## Study material
(* Let $V$ be a Majorana algebra generated by a set $A$ of Majorana axes, and let $a_0, a_1 \in A$ with $\tau(a_1) = 1$. Then the vector $a_0^{\sigma(a_1)}$ satisfies axioms M3–M7 (with $a_0^{\sigma(a_1)}$ in place of $a$), and $\tau(a_0^{\sigma(a_1)}) = \tau(a_0)^{\sigma(a_1)}$, where $\tau(a_0)^{\sigma(a_1)} = \sigma(a_1)^{-1}\tau(a_0)\sigma(a_1)$.
   Context: Let $V$ be a real vector space with a positive definite symmetric bilinear form $(\,,\,)$ and a bilinear commutative (non-associative) product $\cdot$ such that (M1) $(u, v\cdot w) = (u\cdot v, w)$ for all $u,v,w\in V$, and (M2) $(u\cdot u, v\cdot v)\ge (u\cdot v, u\cdot v)$ for all $u,v \in V$. For $a \in V$ and $\mu \in \mathbb{R}$ write $V_\mu^{(a)} = \{v \in V : a\cdot v = \mu v\}$. A nonzero $a\in V$ is said to satisfy axioms M3–M7 if: (M3) $(a,a)=1$ and $a\cdot a = a$; (M4) $V = V_1^{(a)}\oplus V_0^{(a)}\oplus V_{1/4}^{(a)} \oplus V_{1/32}^{(a)}$; (M5) $V_1^{(a)} = \mathbb{R}a$; (M6) the linear map $\tau(a)$ of $V$ acting as $+1$ on $V_1^{(a)}\oplus V_0^{(a)}\oplus V_{1/4}^{(a)}$ and as $-1$ on $V_{1/32}^{(a)}$ preserves the algebra product; (M7) on $V_+^{(a)} := V_1^{(a)}\oplus V_0^{(a)}\oplus V_{1/4}^{(a)}$, the linear map $\sigma(a)$ acting as $+1$ on $V_1^{(a)}\oplus V_0^{(a)}$ and as $-1$ on $V_{1/4}^{(a)}$ preserves the restriction of the algebra product to $V_+^{(a)}$. Elements satisfying M3–M7 are called Majorana axes, and $\tau(a)$ the Majorana involution of $a$. A Majorana algebra is such a $V$ (satisfying M1, M2) that is generated as an algebra by a set $A$ of Majorana axes. Linear maps act on the right: $u^{g}$ denotes the image of $u$ under $g$. *)

From HB Require Import structures.
From mathcomp Require Import all_boot all_order all_algebra.
From mathcomp Require Import reals.
Set Implicit Arguments. Unset Strict Implicit. Unset Printing Implicit Defensive.
Import Order.TTheory GRing.Theory Num.Theory.
Local Open Scope ring_scope.

Section Majorana.
Variables (R : realType) (V : lmodType R).
Variables (form : V -> V -> R) (mul : V -> V -> V).

Definition form_ok : Prop :=
  [/\ (forall x y z, form (x + y) z = form x z + form y z),
      (forall (k : R) x z, form (k *: x) z = k * form x z),
      (forall x y, form x y = form y x) &
      (forall x, x != 0 -> 0 < form x x)].

Definition mul_ok : Prop :=
  [/\ (forall x y z, mul (x + y) z = mul x z + mul y z),
      (forall (k : R) x z, mul (k *: x) z = k *: mul x z) &
      (forall x y, mul x y = mul y x)].

Definition M1 : Prop := forall u v w, form u (mul v w) = form (mul u v) w.
Definition M2 : Prop :=
  forall u v, form (mul u u) (mul v v) >= form (mul u v) (mul u v).

Definition eig (a : V) (mu : R) (v : V) : Prop := mul a v = mu *: v.

Definition Vplus (a v : V) : Prop :=
  exists x y z, [/\ eig a 1 x, eig a 0 y, eig a (1/4) z & v = x + y + z].

Definition V10 (a v : V) : Prop :=
  exists x y, [/\ eig a 1 x, eig a 0 y & v = x + y].

Definition is_tau (a : V) (t : V -> V) : Prop :=
  [/\ (forall x y, t (x + y) = t x + t y),
      (forall (k : R) x, t (k *: x) = k *: t x),
      (forall x, Vplus a x -> t x = x) &
      (forall x, eig a (1/32) x -> t x = - x)].

(* s is the map sigma(a) on V_+^(a) (values outside V_+^(a) irrelevant):
   linear on V_+^(a), +1 on V_1 (+) V_0, -1 on V_{1/4}. *)
Definition is_sigma_on_Vplus (a : V) (s : V -> V) : Prop :=
  [/\ (forall x y, Vplus a x -> Vplus a y -> s (x + y) = s x + s y),
      (forall (k : R) x, Vplus a x -> s (k *: x) = k *: s x),
      (forall x, V10 a x -> s x = x) &
      (forall x, eig a (1/4) x -> s x = - x)].

(* s is sigma(a) as a linear map of the whole of V (meaningful when
   V = V_+^(a), e.g. when tau(a) = 1). *)
Definition is_sigma (a : V) (s : V -> V) : Prop :=
  [/\ (forall x y, s (x + y) = s x + s y),
      (forall (k : R) x, s (k *: x) = k *: s x),
      (forall x, V10 a x -> s x = x) &
      (forall x, eig a (1/4) x -> s x = - x)].

Definition M3 (a : V) : Prop := form a a = 1 /\ mul a a = a.

(* V = V_1 (+) V_0 (+) V_{1/4} (+) V_{1/32} (direct sum: existence and
   uniqueness of the decomposition) *)
Definition M4 (a : V) : Prop :=
  forall v, exists x1 x0 x4 x32,
    [/\ eig a 1 x1, eig a 0 x0, eig a (1/4) x4, eig a (1/32) x32 &
        v = x1 + x0 + x4 + x32] /\
        forall y1 y0 y4 y32,
          eig a 1 y1 -> eig a 0 y0 -> eig a (1/4) y4 -> eig a (1/32) y32 ->
          v = y1 + y0 + y4 + y32 ->
          [/\ y1 = x1, y0 = x0, y4 = x4 & y32 = x32].

Definition M5 (a : V) : Prop := forall v, eig a 1 v -> exists k : R, v = k *: a.

Definition M6 (a : V) : Prop :=
  exists t, is_tau a t /\ forall u v, t (mul u v) = mul (t u) (t v).

Definition M7 (a : V) : Prop :=
  exists s, is_sigma_on_Vplus a s /\
    forall u v, Vplus a u -> Vplus a v -> s (mul u v) = mul (s u) (s v).

Definition axioms_M3_M7 (a : V) : Prop := [/\ M3 a, M4 a, M5 a, M6 a & M7 a].

Definition majorana_axis (a : V) : Prop := a != 0 /\ axioms_M3_M7 a.

Definition generates (A : V -> Prop) : Prop :=
  forall W : V -> Prop,
    W 0 -> (forall x y, W x -> W y -> W (x + y)) ->
    (forall (k : R) x, W x -> W (k *: x)) ->
    (forall x y, W x -> W y -> W (mul x y)) ->
    (forall a, A a -> W a) -> forall v, W v.

Definition majorana_algebra (A : V -> Prop) : Prop :=
  [/\ form_ok /\ mul_ok, M1, M2, (forall a, A a -> majorana_axis a) & generates A].

End Majorana.

(** If [tau(a1)] is trivial, [V] has no [1/32]-eigenvectors for [a1], so
    [sigma(a1)] is defined on all of [V]; by M7 it is then an
    involutive algebra automorphism, and it is an isometry because the
    eigenspaces of [a1] are orthogonal (M1).  Every axiom M3-M7 is invariant
    under such an automorphism [g], the Majorana involution being transported
    to [g tau g^-1]; that involution is unique by M4. *)
From HB Require Import structures.
From mathcomp Require Import all_boot all_order all_algebra.
From mathcomp Require Import reals.
From mathcomp Require Import lra.
Set Implicit Arguments. Unset Strict Implicit. Unset Printing Implicit Defensive.
Import Order.TTheory GRing.Theory Num.Theory.
Local Open Scope ring_scope.

Lemma scalable_funN (R : realType) (U W : lmodType R) (f : U -> W) x :
  (forall (k : R) y, f (k *: y) = k *: f y) -> f (- x) = - f x.
Proof. by move=> fZ; rewrite -scaleN1r fZ scaleN1r. Qed.

Lemma lmod_eqN_eq0 (R : realType) (V : lmodType R) (x : V) : x = - x -> x = 0.
Proof.
move=> xNx; apply/eqP; have : (2 : R) *: x == 0 by rewrite scaler_nat mulr2n {2}xNx subrr.
by rewrite scaler_eq0 pnatr_eq0.
Qed.

Section MajoranaAlgebra.
Variables (R : realType) (V : lmodType R) (form : V -> V -> R) (mul : V -> V -> V).
Hypotheses (amulZl : forall (k : R) x z, mul (k *: x) z = k *: mul x z)
           (amulC : forall x y, mul x y = mul y x).
Hypotheses (formDl : forall x y z, form (x + y) z = form x z + form y z)
           (formZl : forall (k : R) x z, form (k *: x) z = k * form x z)
           (formC : forall x y, form x y = form y x)
           (formM : M1 form mul).

Lemma amulr0 x : mul x 0 = 0.
Proof. by rewrite amulC -(scale0r 0) amulZl !scale0r. Qed.

Lemma eig0 a mu : eig mul a mu 0.
Proof. by rewrite /eig amulr0 scaler0. Qed.

Lemma eigN a mu x : eig mul a mu x -> eig mul a mu (- x).
Proof.
rewrite /eig => ax; rewrite -scaleN1r amulC amulZl amulC ax.
by rewrite scalerA mulrC -scalerA scaleN1r.
Qed.

Lemma formDr x y z : form z (x + y) = form z x + form z y.
Proof. by rewrite formC formDl !(formC z). Qed.

Lemma formNl x z : form (- x) z = - form x z.
Proof. by rewrite -scaleN1r formZl mulN1r. Qed.

Lemma formNr x z : form z (- x) = - form z x.
Proof. by rewrite formC formNl formC. Qed.

Lemma eig_form_orthogonal a (l m : R) x y :
  eig mul a l x -> eig mul a m y -> l != m -> form x y = 0.
Proof.
move=> ex ey lm.
have := formM x a y; rewrite ey (amulC x a) ex formZl (formC x) formZl (formC y) => /eqP.
by rewrite -subr_eq0 -mulrBl mulf_eq0 subr_eq0 eq_sym (negbTE lm) => /eqP.
Qed.

Lemma V10_eig14_orthogonal a p z : V10 mul a p -> eig mul a (1/4) z -> form p z = 0.
Proof.
case=> [x1 [x0 [e1 e0 ->]]] ez.
rewrite formDl (eig_form_orthogonal e1 ez) ?(eig_form_orthogonal e0 ez) ?addr0 //.
all: by apply/eqP; lra.
Qed.

Lemma tau_unique a t t' : M4 mul a -> is_tau mul a t -> is_tau mul a t' ->
  forall v, t v = t' v.
Proof.
move=> M4a [tD _ tP t32] [t'D _ t'P t'32] v.
have [x1 [x0 [x4 [x32 [[e1 e0 e4 e32 ->] _]]]]] := M4a v.
have Vx : Vplus mul a (x1 + x0 + x4) by exists x1, x0, x4.
by rewrite tD t'D tP // t'P // t32 // t'32.
Qed.

Section Automorphism.
Variables (g h : V -> V).
Hypotheses (gK : cancel g h) (hK : cancel h g)
           (gD : forall x y, g (x + y) = g x + g y)
           (gZ : forall (k : R) x, g (k *: x) = k *: g x)
           (gM : forall x y, g (mul x y) = mul (g x) (g y)).

Let g_inj : injective g := can_inj gK.

Lemma inv_aut_additive x y : h (x + y) = h x + h y.
Proof. by apply: g_inj; rewrite gD !hK. Qed.

Lemma inv_aut_scalable (k : R) x : h (k *: x) = k *: h x.
Proof. by apply: g_inj; rewrite gZ !hK. Qed.

Lemma inv_aut_multiplicative x y : h (mul x y) = mul (h x) (h y).
Proof. by apply: g_inj; rewrite gM !hK. Qed.

Lemma eig_aut a mu w : eig mul (g a) mu w <-> eig mul a mu (h w).
Proof.
rewrite /eig; split=> [aw | aw].
  by rewrite -{1}(gK a) -inv_aut_multiplicative aw inv_aut_scalable.
by apply: (can_inj hK); rewrite inv_aut_multiplicative gK aw inv_aut_scalable.
Qed.

Lemma Vplus_aut a x : Vplus mul (g a) x -> Vplus mul a (h x).
Proof.
case=> [y1 [y0 [y4 [e1 e0 e4 ->]]]].
by exists (h y1), (h y0), (h y4); rewrite !inv_aut_additive; split=> //; apply/eig_aut.
Qed.

Lemma V10_aut a x : V10 mul (g a) x -> V10 mul a (h x).
Proof.
case=> [y1 [y0 [e1 e0 ->]]].
by exists (h y1), (h y0); rewrite inv_aut_additive; split=> //; apply/eig_aut.
Qed.

Lemma is_tau_aut a t : is_tau mul a t -> is_tau mul (g a) (fun x => g (t (h x))).
Proof.
case=> tD tZ tP t32; split.
- by move=> x y; rewrite inv_aut_additive tD gD.
- by move=> k x; rewrite inv_aut_scalable tZ gZ.
- by move=> x /Vplus_aut Vx; rewrite tP.
- by move=> x /eig_aut ex; rewrite t32 // (scalable_funN _ gZ) hK.
Qed.

Lemma M3_aut a : (forall u v, form (g u) (g v) = form u v) ->
  M3 form mul a -> M3 form mul (g a).
Proof. by move=> gF [aa1 aaa]; split; rewrite ?gF // -gM aaa. Qed.

Lemma M4_aut a : M4 mul a -> M4 mul (g a).
Proof.
move=> M4a v; have [x1 [x0 [x4 [x32 [[e1 e0 e4 e32 hv] uniq_x]]]]] := M4a (h v).
have eig_g mu x : eig mul a mu x -> eig mul (g a) mu (g x) by move=> ?; apply/eig_aut; rewrite gK.
exists (g x1), (g x0), (g x4), (g x32); split.
  by split; try exact: eig_g; rewrite -!gD -hv hK.
move=> y1 y0 y4 y32 /eig_aut f1 /eig_aut f0 /eig_aut f4 /eig_aut f32 vy.
have [|<- <- <- <-] := uniq_x _ _ _ _ f1 f0 f4 f32; first by rewrite vy !inv_aut_additive.
by rewrite !hK.
Qed.

Lemma M5_aut a : M5 mul a -> M5 mul (g a).
Proof. by move=> M5a v /eig_aut /M5a [k hv]; exists k; rewrite -(hK v) hv gZ. Qed.

Lemma M6_aut a : M6 mul a -> M6 mul (g a).
Proof.
case=> t [taut tM]; exists (fun x => g (t (h x))); split; first exact: is_tau_aut.
by move=> u v; rewrite inv_aut_multiplicative tM gM.
Qed.

Lemma M7_aut a : M7 mul a -> M7 mul (g a).
Proof.
case=> s [[sD sZ s10 s4] sM]; exists (fun x => g (s (h x))); split.
  split.
  - by move=> x y /Vplus_aut Vx /Vplus_aut Vy; rewrite inv_aut_additive sD // gD.
  - by move=> k x /Vplus_aut Vx; rewrite inv_aut_scalable sZ // gZ.
  - by move=> x /V10_aut Vx; rewrite s10.
  - by move=> x /eig_aut ex; rewrite s4 // (scalable_funN _ gZ) hK.
by move=> u v /Vplus_aut Vu /Vplus_aut Vv; rewrite inv_aut_multiplicative sM // gM.
Qed.

Lemma axioms_M3_M7_aut a : (forall u v, form (g u) (g v) = form u v) ->
  axioms_M3_M7 form mul a -> axioms_M3_M7 form mul (g a).
Proof.
move=> gF [M3a M4a M5a M6a M7a].
by split; [exact: M3_aut | exact: M4_aut | exact: M5_aut | exact: M6_aut | exact: M7_aut].
Qed.

End Automorphism.

Lemma sigma_on_Vplus_decomp a s x1 x0 x4 : is_sigma_on_Vplus mul a s ->
  eig mul a 1 x1 -> eig mul a 0 x0 -> eig mul a (1/4) x4 ->
  s (x1 + x0 + x4) = x1 + x0 - x4.
Proof.
move=> [sD _ s10 s4] e1 e0 e4.
have V10x : V10 mul a (x1 + x0) by exists x1, x0.
rewrite sD ?(s4 x4) ?s10 //; first by exists x1, x0, 0; rewrite addr0; split=> //; apply: eig0.
by exists 0, 0, x4; rewrite !add0r; split=> //; apply: eig0.
Qed.

Lemma is_sigma_on_Vplus_sigma a s : is_sigma mul a s -> is_sigma_on_Vplus mul a s.
Proof. by case=> sD sZ s10 s4; split. Qed.

Section TrivialTau.
Variables (a : V) (s : V -> V).
Hypotheses (M4a : M4 mul a) (M6a : M6 mul a)
           (tau_id : forall t, is_tau mul a t -> forall v, t v = v)
           (sigma_s : is_sigma mul a s).

Lemma trivial_tau_eig32 x : eig mul a (1/32) x -> x = 0.
Proof.
have [t [taut _]] := M6a; have [_ _ _ t32] := taut.
by move=> ex; apply: lmod_eqN_eq0; rewrite -{1}(tau_id taut x) t32.
Qed.

Lemma trivial_tau_Vplus v : Vplus mul a v.
Proof.
have [x1 [x0 [x4 [x32 [[e1 e0 e4 e32 ->] _]]]]] := M4a v.
by exists x1, x0, x4; rewrite (trivial_tau_eig32 e32) addr0.
Qed.

Lemma sigma_decomp x1 x0 x4 :
  eig mul a 1 x1 -> eig mul a 0 x0 -> eig mul a (1/4) x4 ->
  s (x1 + x0 + x4) = x1 + x0 - x4.
Proof. exact/sigma_on_Vplus_decomp/is_sigma_on_Vplus_sigma. Qed.

Lemma sigma_involutive : involutive s.
Proof.
move=> v; have [x1 [x0 [x4 [e1 e0 e4 ->]]]] := trivial_tau_Vplus v.
by rewrite !sigma_decomp ?opprK //; apply: eigN.
Qed.

Lemma sigma_multiplicative : M7 mul a -> forall u v, s (mul u v) = mul (s u) (s v).
Proof.
case=> s' [sigma_s' s'M].
have s's v : s' v = s v.
  have [x1 [x0 [x4 [e1 e0 e4 ->]]]] := trivial_tau_Vplus v.
  by rewrite sigma_decomp // (sigma_on_Vplus_decomp sigma_s').
by move=> u v; rewrite -!s's s'M //; apply: trivial_tau_Vplus.
Qed.

Lemma sigma_isometry u v : form (s u) (s v) = form u v.
Proof.
have [x1 [x0 [x4 [e1 e0 e4 ->]]]] := trivial_tau_Vplus u.
have [y1 [y0 [y4 [f1 f0 f4 ->]]]] := trivial_tau_Vplus v.
rewrite !sigma_decomp //.
have pq : form (x1 + x0) y4 = 0 by apply: (V10_eig14_orthogonal _ f4); exists x1, x0.
have qp : form x4 (y1 + y0) = 0.
  by rewrite formC; apply: (V10_eig14_orthogonal _ e4); exists y1, y0.
move: pq qp; set p := x1 + x0; set q := y1 + y0; clearbody p q => pq qp.
by rewrite !formDl !formDr !formNl !formNr pq qp !(oppr0, subr0, sub0r, addr0, add0r, opprK).
Qed.

End TrivialTau.

End MajoranaAlgebra.

Theorem mainTheorem1 (R : realType) (V : lmodType R)
    (form : V -> V -> R) (mul : V -> V -> V) (A : V -> Prop)
    (HV : majorana_algebra form mul A)
    (a0 a1 : V) (Ha0 : A a0) (Ha1 : A a1)
    (Htau1 : forall t, is_tau mul a1 t -> forall v, t v = v)
    (s : V -> V) (Hs : is_sigma mul a1 s)
    (t0 : V -> V) (Ht0 : is_tau mul a0 t0) :
  axioms_M3_M7 form mul (s a0) /\
  (forall t, is_tau mul (s a0) t -> forall v, t (s v) = s (t0 v)).
Proof.
case: HV => [[[formDl formZl formC _] [_ amulZl amulC]] formM _ axes _].
have [_ [_ M4a1 _ M6a1 M7a1]] := axes a1 Ha1.
have [_ axioms_a0] := axes a0 Ha0.
have [sD sZ _ _] := Hs.
have sK := sigma_involutive amulZl amulC M4a1 M6a1 Htau1 Hs.
have sM := sigma_multiplicative amulZl amulC M4a1 M6a1 Htau1 Hs M7a1.
have sF := sigma_isometry amulZl amulC formDl formZl formC formM M4a1 M6a1 Htau1 Hs.
have axioms_sa0 := axioms_M3_M7_aut sK sK sD sZ sM sF axioms_a0.
split=> // t taut v; have [_ M4sa0 _ _ _] := axioms_sa0.
by rewrite (tau_unique M4sa0 taut (is_tau_aut sK sK sD sZ sM Ht0)) sK.
Qed.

## Work to be completed
All that is wanted is a faithful reproduction of the line above with "W 0 -> (forall", the line with "End Majorana.", and every line in between.

## Your solution
    W 0 -> (forall x y, W x -> W y -> W (x + y)) ->
    (forall (k : R) x, W x -> W (k *: x)) ->
    (forall x y, W x -> W y -> W (mul x y)) ->
    (forall a, A a -> W a) -> forall v, W v.

Definition majorana_algebra (A : V -> Prop) : Prop :=
  [/\ form_ok /\ mul_ok, M1, M2, (forall a, A a -> majorana_axis a) & generates A].

End Majorana.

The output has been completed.